- **EXERCISE BRIEF**:
Of all the entries below, retype only the lines from the one with "Proof. by rewrite !eA_sgn" through the one with "apply: eq_bigr => z /eqP zA.", exactly as they appear.

(DATA TO EXAMINE Opens)

(* Let $X=(X_1,\dots,X_d)$ be a random vector with values in $\{0,1\}^d$ such that $\mathbb{P}(X=x)>0$ for every $x\in\{0,1\}^d$. For $A\subseteq D:=\{1,\dots,d\}$ let $e_A(X_A):=\dfrac{(-1)^{\sum_{j\in A}X_j}}{\mathbf{P}_A(X_A)}$, with $e_\emptyset(X_\emptyset)=1$. Then for all $A,B\subseteq D$ with $B\subsetneq A$, $\mathbb{E}[e_A(X_A)e_B(X_B)]=0$.
   Context: $X_A:=(X_i)_{i\in A}$ and $\mathbf{P}_A(x_A):=\mathbb{P}(X_A=x_A)$ is its probability mass function. *)

From HB Require Import structures.
From mathcomp Require Import all_boot all_order all_algebra.
From mathcomp Require Import reals.
Set Implicit Arguments. Unset Strict Implicit. Unset Printing Implicit Defensive.
Import Order.TTheory GRing.Theory Num.Theory.
Local Open Scope ring_scope.

(* outcomes x in {0,1}^d, coordinates indexed by 'I_d (= D), true = 1 *)
Definition outcome (d : nat) := {ffun 'I_d -> bool}.

Definition is_pmf (R : realType) (d : nat) (P : outcome d -> R) :=
  (forall x, 0 <= P x) /\ \sum_(x : outcome d) P x = 1.

Definition marg (R : realType) (d : nat) (P : outcome d -> R)
  (A : {set 'I_d}) (x : outcome d) : R :=
  \sum_(y : outcome d | [forall j in A, y j == x j]) P y.

Definition eA (R : realType) (d : nat) (P : outcome d -> R)
  (A : {set 'I_d}) (x : outcome d) : R :=
  (-1) ^+ #|[set j in A | x j]| / marg P A x.

Definition expect (R : realType) (d : nat) (P : outcome d -> R)
  (f : outcome d -> R) : R :=
  \sum_(x : outcome d) P x * f x.

From HB Require Import structures.
From mathcomp Require Import all_boot all_order all_algebra.
From mathcomp Require Import reals.
Import Order.TTheory GRing.Theory Num.Theory.
Local Open Scope ring_scope.

(* Write s_A(x) = (-1)^(sum_{j in A} x_j), so that e_A = s_A / P_A.  As e_B and
   s_A only depend on x_A when B is contained in A, the factor P(x) / P_A(x)
   sums to one on each class {X_A = x_A}, whence
     E[e_A e_B] = sum over the values z of X_A of s_A(z) e_B(z).
   Flipping a coordinate j in A \ B permutes these values, changes the sign of
   s_A and leaves e_B unchanged, so the sum is its own opposite. *)

Set Implicit Arguments. Unset Strict Implicit.

Lemma sum_sign_reversing_involution (R : numDomainType) (T : finType)
    (S : pred T) (f : T -> T) (F : T -> R) :
  involutive f -> (forall x, S (f x) = S x) -> (forall x, F (f x) = - F x) ->
  \sum_(x | S x) F x = 0.
Proof.
move=> fK Sf Ff; apply/eqP; rewrite -eqNr -sumrN.
rewrite [X in _ == X](reindex_inj (can_inj fK)) /=.
by apply/eqP/eq_big => x; rewrite ?Sf ?Ff.
Qed.

Section Outcomes.
Variable d : nat.
Implicit Types (A B : {set 'I_d}) (x y : outcome d).

(* [restr A x] stands for x_A: it agrees with x on A and is [false] off A, so
   the values of X_A are the z with [restr A z = z]. *)
Definition restr A x : outcome d := [ffun i => (i \in A) && x i].

Definition flip (j : 'I_d) x : outcome d :=
  [ffun i => if i == j then ~~ x i else x i].

Lemma restr_id A x : restr A (restr A x) = restr A x.
Proof. by apply/ffunP => i; rewrite !ffunE andbA andbb. Qed.

Lemma restr_sub A B x : B \subset A -> restr B (restr A x) = restr B x.
Proof.
move=> /subsetP sBA; apply/ffunP => i; rewrite !ffunE.
by case iB: (i \in B); rewrite //= sBA.
Qed.

Lemma eq_restr A x y :
  (restr A y == restr A x) = [forall j in A, y j == x j].
Proof.
apply/eqP/forall_inP => [/ffunP E j jA | E].
  by have := E j; rewrite !ffunE jA /= => ->.
apply/ffunP => i; rewrite !ffunE.
by case iA: (i \in A); rewrite //= (eqP (E i iA)).
Qed.

Lemma flipK j : involutive (flip j).
Proof.
by move=> x; apply/ffunP => i; rewrite !ffunE; case: (i == j); rewrite ?negbK.
Qed.

Lemma restr_flip_in A j x : j \in A -> restr A (flip j x) = flip j (restr A x).
Proof.
move=> jA; apply/ffunP => i; rewrite !ffunE.
by case: (i =P j) => [->|]; rewrite ?jA.
Qed.

Lemma restr_flip_notin A j x : j \notin A -> restr A (flip j x) = restr A x.
Proof.
move=> jA; apply/ffunP => i; rewrite !ffunE.
by case: (i =P j) => [->|]; rewrite ?(negPf jA).
Qed.

Section Sign.
Variable R : numDomainType.

Definition sgn_on A x : R := (-1) ^+ #|[set j in A | x j]|.

Lemma sgn_onE A x : sgn_on A x = \prod_(i in A) (-1) ^+ x i.
Proof.
rewrite (eq_bigr (fun i => if x i then -1 else 1)) => [|i _]; last by case: (x i).
rewrite -big_mkcondr prodr_const /sgn_on.
by congr (_ ^+ _); apply: eq_card => i; rewrite inE.
Qed.

Lemma sgn_on_restr A x : sgn_on A (restr A x) = sgn_on A x.
Proof. by rewrite !sgn_onE; apply: eq_bigr => i iA; rewrite ffunE iA. Qed.

Lemma sgn_on_flip A j x : j \in A -> sgn_on A (flip j x) = - sgn_on A x.
Proof.
move=> jA; rewrite !sgn_onE !(bigD1 j jA) /= ffunE eqxx -mulNr.
congr (_ * _); last by apply: eq_bigr => i /andP[_ /negPf ij]; rewrite ffunE ij.
by case: (x j); rewrite ?expr1 ?expr0 ?opprK.
Qed.

End Sign.

Section Marginals.
Variables (R : realType) (P : outcome d -> R).
Hypothesis P_gt0 : forall x, 0 < P x.

Lemma margE A x : marg P A x = \sum_(y | restr A y == restr A x) P y.
Proof. by apply: eq_bigl => y; rewrite eq_restr. Qed.

Lemma marg_restr A x : marg P A (restr A x) = marg P A x.
Proof. by rewrite !margE restr_id. Qed.

Lemma marg_gt0 A x : 0 < marg P A x.
Proof.
rewrite margE (bigD1 x) //= ltr_wpDr //.
by apply: sumr_ge0 => y _; apply/ltW.
Qed.

Lemma eA_sgn A x : eA P A x = sgn_on R A x / marg P A x.
Proof. by []. Qed.

Lemma eA_restr A x : eA P A (restr A x) = eA P A x.
Proof. by rewrite !eA_sgn sgn_on_restr marg_restr. Qed.

Lemma eA_restr_sup A B x : B \subset A -> eA P B (restr A x) = eA P B x.
Proof. by move=> sBA; rewrite -eA_restr restr_sub // eA_restr. Qed.

Lemma eA_flip_notin B j x : j \notin B -> eA P B (flip j x) = eA P B x.
Proof. by move=> jB; rewrite -eA_restr restr_flip_notin // eA_restr. Qed.

Lemma expect_div_marg A (h : outcome d -> R) :
    (forall x, h (restr A x) = h x) ->
  expect P (fun x => h x / marg P A x) = \sum_(z | restr A z == z) h z.
Proof.
move=> hA; rewrite /expect (partition_big (restr A) (fun z => restr A z == z)) /=;
  last by move=> x _; rewrite restr_id.
apply: eq_bigr => z /eqP zA.
rewrite (eq_bigr (fun x => P x * (h z / marg P A z))) => [|x /eqP xz]; last first.
  by rewrite -(hA x) -(marg_restr A x) xz mulrA.
rewrite -big_distrl /= -{1}zA -margE mulrCA divff ?mulr1 //.
by rewrite gt_eqF ?marg_gt0.
Qed.

End Marginals.
End Outcomes.

Theorem proposition3 (R : realType) (d : nat) (P : outcome d -> R)
  (hP : is_pmf P) (hpos : forall x, 0 < P x)
  (A B : {set 'I_d}) (hBA : B \proper A) :
  expect P (fun x => eA P A x * eA P B x) = 0.
Proof.
have [sBA [j jA jB]] := properP hBA.
pose h x := sgn_on R A x * eA P B x.
have -> : expect P (fun x => eA P A x * eA P B x)
          = expect P (fun x => h x / marg P A x).
  by apply: eq_bigr => x _; rewrite eA_sgn mulrAC.
rewrite expect_div_marg // => [|x]; last by rewrite /h sgn_on_restr eA_restr_sup.
apply: (sum_sign_reversing_involution (flipK j)) => [z|z].
  by rewrite restr_flip_in // (inj_eq (can_inj (flipK j))).
by rewrite /h sgn_on_flip // eA_flip_notin // mulNr.
Qed.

(DATA TO EXAMINE Closes)

- **RESULT BELOW**:
Proof. by rewrite !eA_sgn sgn_on_restr marg_restr. Qed.

Lemma eA_restr_sup A B x : B \subset A -> eA P B (restr A x) = eA P B x.
Proof. by move=> sBA; rewrite -eA_restr restr_sub // eA_restr. Qed.

Lemma eA_flip_notin B j x : j \notin B -> eA P B (flip j x) = eA P B x.
Proof. by move=> jB; rewrite -eA_restr restr_flip_notin // eA_restr. Qed.

Lemma expect_div_marg A (h : outcome d -> R) :
    (forall x, h (restr A x) = h x) ->
  expect P (fun x => h x / marg P A x) = \sum_(z | restr A z == z) h z.
Proof.
move=> hA; rewrite /expect (partition_big (restr A) (fun z => restr A z == z)) /=;
  last by move=> x _; rewrite restr_id.
apply: eq_bigr => z /eqP zA.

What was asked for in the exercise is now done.